Task to carry out =>
Please set down word for word every line from the one holding "rewrite scaled_closure_union_ge." to the end of the data below, both included.
Given information section start
(* Let $S$ be an Arf numerical semigroup and let $a,R$ be positive integers. Then $\overline{S}=aS\cup\{m\in\mathbb{N}_0:\ m\ge R\}$ is an Arf semigroup.
   Context: A numerical semigroup is a submonoid $S$ of $(\mathbb{N}_0,+)$ with finite complement, with elements listed increasingly $\rho_1=0<\rho_2<\cdots$. $S$ is Arf if $\rho_i+\rho_j-\rho_k\in S$ for all positive integers $i\ge j\ge k$. $aS=\{as:\ s\in S\}$. *)

From Stdlib Require Import Arith Lia.

Definition numerical_semigroup (S : nat -> Prop) : Prop :=
  S 0 /\
  (forall x y, S x -> S y -> S (x + y)) /\
  (exists N, forall n, N <= n -> S n).

(* Arf: rho_i + rho_j - rho_k in S for all i >= j >= k, where rho is the
   increasing enumeration of S; equivalently for all elements x >= y >= z of S
   (the enumeration is strictly increasing, so index order = value order). *)
Definition Arf (S : nat -> Prop) : Prop :=
  numerical_semigroup S /\
  (forall x y z, S x -> S y -> S z -> z <= y -> y <= x -> S (x + y - z)).

Definition scaled_closure (S : nat -> Prop) (a R : nat) : nat -> Prop :=
  fun m => (exists s, S s /\ m = a * s) \/ R <= m.

From Stdlib Require Import Arith Lia.

(* If the largest element x of a triple x >= y >= z lies beyond R, then so does
   x + y - z >= x.  Otherwise all three lie below R, hence in aS, and dividing
   by a turns the triple into one of S, whose Arf property gives the claim. *)

Definition add_closed (T : nat -> Prop) : Prop :=
  forall x y, T x -> T y -> T (x + y).

Definition arf_closed (T : nat -> Prop) : Prop :=
  forall x y z, T x -> T y -> T z -> z <= y -> y <= x -> T (x + y - z).

Definition scaled (S : nat -> Prop) (a : nat) : nat -> Prop :=
  fun m => exists s, S s /\ m = a * s.

Definition union_ge (T : nat -> Prop) (R : nat) : nat -> Prop :=
  fun m => T m \/ R <= m.

Lemma scaled_closure_union_ge (S : nat -> Prop) (a R : nat) :
  scaled_closure S a R = union_ge (scaled S a) R.
Proof. reflexivity. Qed.

Lemma scaled_add_closed (S : nat -> Prop) (a : nat) :
  add_closed S -> add_closed (scaled S a).
Proof.
  intros HS x y [s [Hs ->]] [t [Ht ->]].
  exists (s + t). split; [apply HS; assumption | lia].
Qed.

Lemma scaled_arf_closed (S : nat -> Prop) (a : nat) :
  0 < a -> arf_closed S -> arf_closed (scaled S a).
Proof.
  intros Ha HS x y z [s [Hs ->]] [t [Ht ->]] [u [Hu ->]] Hut Hts.
  apply Nat.mul_le_mono_pos_l in Hut, Hts; try assumption.
  exists (s + t - u). split; [apply HS; assumption | nia].
Qed.

Lemma union_ge_add_closed (T : nat -> Prop) (R : nat) :
  add_closed T -> add_closed (union_ge T R).
Proof.
  intros HT x y [Hx | Hx] [Hy | Hy];
    [left; apply HT; assumption | right; lia ..].
Qed.

Lemma union_ge_arf_closed (T : nat -> Prop) (R : nat) :
  arf_closed T -> arf_closed (union_ge T R).
Proof.
  intros HT x y z Hx Hy Hz Hzy Hyx.
  destruct (le_lt_dec R x) as [HRx | HxR]; [right; lia |].
  destruct Hx as [Hx | Hx]; [| lia].
  destruct Hy as [Hy | Hy]; [| lia].
  destruct Hz as [Hz | Hz]; [| lia].
  left. apply HT; assumption.
Qed.

Lemma union_ge_numerical_semigroup (T : nat -> Prop) (R : nat) :
  T 0 -> add_closed T -> numerical_semigroup (union_ge T R).
Proof.
  intros H0 HT. split; [| split].
  - left. exact H0.
  - apply union_ge_add_closed. exact HT.
  - exists R. intros n Hn. right. exact Hn.
Qed.

Lemma Arf_union_ge (T : nat -> Prop) (R : nat) :
  T 0 -> add_closed T -> arf_closed T -> Arf (union_ge T R).
Proof.
  intros H0 Hadd Harf. split.
  - apply union_ge_numerical_semigroup; assumption.
  - apply union_ge_arf_closed. exact Harf.
Qed.

Theorem mainTheorem10 (S : nat -> Prop) (a R : nat) :
  Arf S -> 0 < a -> 0 < R -> Arf (scaled_closure S a R).
Proof.
  intros [[H0 [Hadd _]] Harf] Ha _.
  rewrite scaled_closure_union_ge.
  apply Arf_union_ge.
  - exists 0. split; [exact H0 | lia].
  - apply scaled_add_closed. exact Hadd.
  - apply scaled_arf_closed; assumption.
Qed.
Given information section end
Task output =>
  rewrite scaled_closure_union_ge.
  apply Arf_union_ge.
  - exists 0. split; [exact H0 | lia].
  - apply scaled_add_closed. exact Hadd.
  - apply scaled_arf_closed; assumption.
Qed.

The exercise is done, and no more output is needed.